Darah menggenang di tanah Lebanon. Langit yang dulu dipenuhi nyanyian damai, kini diselimuti asap peluru dan jerit pilu. Israel datang—dengan mesin perangnya yang bengis—merobek-robek nyawa, meratakan infrastruktur, dan meninggalkan luka yang tak terperi. Tapi di tengah reruntuhan itu, ada suara yang tak pernah padam: suara perlawanan. Komunitas Syiah, dengan tekad membara, berdiri di garis depan. Mereka kehilangan saudara, rumah, bahkan nyawa, demi satu prinsip: "Gaza tidak boleh sendiri".
Tapi ironi pahit datang dari dalam. Mereka yang darahnya tumpah untuk mempertahankan tanah air justru dikhianati, dikeroyok oleh sesama anak bangsa—oleh suara-suara sektarian yang sempit, oleh politisi hipokrit yang menjual harga diri untuk kepentingan asing, oleh para pengecut yang lebih memilih berlutut pada tekanan Arab Saudi dan Amerika Serikat. Hizbullah, yang dulu dengan gagah mengusir Israel dari Lebanon, kini didesak untuk menyerahkan senjata. Senjata yang menjadi simbol keteguhan, yang membuat Lebanon—negeri kecil seluas beberapa hektar itu—disegani.
Tanpa Hizbullah, tanpa kekuatan perlawanan, Lebanon hanyalah angka di peta. Tanpa mereka, bangsa ini akan jadi kumpulan pecundang yang hanya bisa mengemis belas kasihan negara adidaya. Tapi di tanah yang tercabik agresi rezim ekspansionis ini, ada rakyat yang memilih tegak daripada berlutut, memilih berdarah daripada diam.
Inilah tragedi umat yang terperangkap dalam kubangan fanatisme usang, individualisme rakus, dan pragmatisme tanpa jiwa.

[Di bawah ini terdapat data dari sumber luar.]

(* M is flat: for every injective R-linear map g : N -> N', the induced map
   g (x) id_M : N (x) M -> N' (x) M is injective (equivalently, since it is
   linear, has trivial kernel; every element of N (x) M is a finite sum of
   pure tensors). *)
Definition flat (R : comPzRingType) (M : lmodType R) : Prop :=
  forall (N N' : lmodType R) (g : N -> N'), is_linear g -> injective g ->
    forall s : seq (N * M),
      tensor_zero (map (fun p => (g p.1, p.2)) s) -> tensor_zero s.

Definition absolutely_flat (R : comPzRingType) : Prop :=
  forall M : lmodType R, flat M.

Inductive pterm (R : Type) : Type :=
  | TC : R -> pterm R
  | TX : R -> pterm R
  | TAdd : pterm R -> pterm R -> pterm R
  | TOpp : pterm R -> pterm R
  | TMul : pterm R -> pterm R -> pterm R.

(* The congruence on expressions whose quotient is R[x_s : s in R] / I:
   commutative ring axioms, TC a ring morphism (so the quotient by the first
   group of rules is the free commutative R-algebra R[x_s : s in R]), plus
   the generators  s x_s^2 - x_s  and  s^2 x_s - s  of the ideal I. *)
Inductive pinv_eq (R : comPzRingType) : pterm R -> pterm R -> Prop :=
  | pe_refl t : pinv_eq t t
  | pe_sym t u : pinv_eq t u -> pinv_eq u t
  | pe_trans t u v : pinv_eq t u -> pinv_eq u v -> pinv_eq t v
  | pe_add t t' u u' : pinv_eq t t' -> pinv_eq u u' ->
      pinv_eq (TAdd t u) (TAdd t' u')
  | pe_opp t t' : pinv_eq t t' -> pinv_eq (TOpp t) (TOpp t')
  | pe_mul t t' u u' : pinv_eq t t' -> pinv_eq u u' ->
      pinv_eq (TMul t u) (TMul t' u')
  | pe_addA t u v : pinv_eq (TAdd t (TAdd u v)) (TAdd (TAdd t u) v)
  | pe_addC t u : pinv_eq (TAdd t u) (TAdd u t)
  | pe_add0 t : pinv_eq (TAdd (TC 0) t) t
  | pe_addN t : pinv_eq (TAdd (TOpp t) t) (TC 0)
  | pe_mulA t u v : pinv_eq (TMul t (TMul u v)) (TMul (TMul t u) v)
  | pe_mulC t u : pinv_eq (TMul t u) (TMul u t)
  | pe_mul1 t : pinv_eq (TMul (TC 1) t) t
  | pe_mulDl t u v : pinv_eq (TMul (TAdd t u) v) (TAdd (TMul t v) (TMul u v))
  | pe_Cadd a b : pinv_eq (TC (a + b)) (TAdd (TC a) (TC b))
  | pe_Cmul a b : pinv_eq (TC (a * b)) (TMul (TC a) (TC b))
  | pe_rel1 s : pinv_eq (TMul (TC s) (TMul (TX s) (TX s))) (TX s)
  | pe_rel2 s : pinv_eq (TMul (TMul (TC s) (TC s)) (TX s)) (TC s).

(* The canonical map eta : R -> R^{(-1)}R, r |-> class of r, is bijective
   (injective and surjective onto the quotient). *)
Definition eta_bijective (R : comPzRingType) : Prop :=
  (forall a b : R, pinv_eq (TC a) (TC b) -> a = b) /\
  (forall t : pterm R, exists r : R, pinv_eq t (TC r)).

(* Both conditions are equivalent to von Neumann regularity: every [a] has an
   [r] with [a = a^2 r].

   If [eta] is bijective, the class of [x_a] is some [r], and the relation
   [a^2 x_a = a] gives [a = a^2 r].  Conversely, in a regular ring every [s]
   has a pointwise inverse, and pointwise inverses are unique; so evaluating
   [x_s] at the pointwise inverse of [s] respects the relations and inverts
   [eta].

   Flat implies regular: tensoring the injection [a R -> R] with [R / a R]
   kills [a (x) 1 = 1 (x) a], while the bilinear map [(a x, y) |-> a x y] into
   [R / a^2 R] sends the corresponding element to [a]; hence [a \in a^2 R].

   Regular implies flat: by the equational criterion, a vanishing tensor in
   [N' (x) M] comes from finitely many linear relations in [M] and a linear
   system over [R] with right-hand sides in [N] that is solvable in [N'].
   Over a regular ring such a system is solvable in [N]: each finitely
   generated ideal contains a unit for its generators, which lets one
   eliminate the equations one at a time. *)

From HB Require Import structures.
From Stdlib Require Import Setoid Morphisms Ring_theory Ring.
(* Stdlib's setoid [ring], needed on [pinv_eq], is shadowed by the [ring] of
   algebra-tactics imported next. *)
Ltac pterm_ring := ring.
From mathcomp Require Import all_boot all_order all_algebra ring boolp functions.
Set Implicit Arguments. Unset Strict Implicit. Unset Printing Implicit Defensive.
Import GRing.Theory.
Local Open Scope ring_scope.

Section LinearMaps.
Variables (R : pzRingType) (U V : lmodType R) (f : U -> V).
Hypothesis linf : is_linear f.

Mereka lupa bahwa kebesaran sebuah bangsa tidak diukur dari jumlah penduduknya, tapi dari keberaniannya mempertahankan kehormatan. Mereka tak sadar bahwa kekayaan sejati negara bukanlah minyak atau emas dan aneka tambang, tapi pemimpin yang pantang didikte oleh adidaya dan rakyat yang tak rela menggadaikan martabat untuk sesuap legitimasi politik.
Lihatlah Lebanon! Di balik puing-puingnya, ia mengajarkan satu pelajaran: "Bangsa yang besar adalah bangsa yang berani membayar harga untuk kemerdekaannya—bukan bangsa yang hidup sebagai budak di istana megah, tapi hina di mata sejarah."
Apa yang dialami Hizbullah adalah tragedi bagi orang-orang di Luar Lebanon yang berempati dan mendukung perlawanan, tapi bagi, komunitas Hizbullah, hujatan, fitnah dan pengucilan hanyalah rekaman ulang epos Karbala.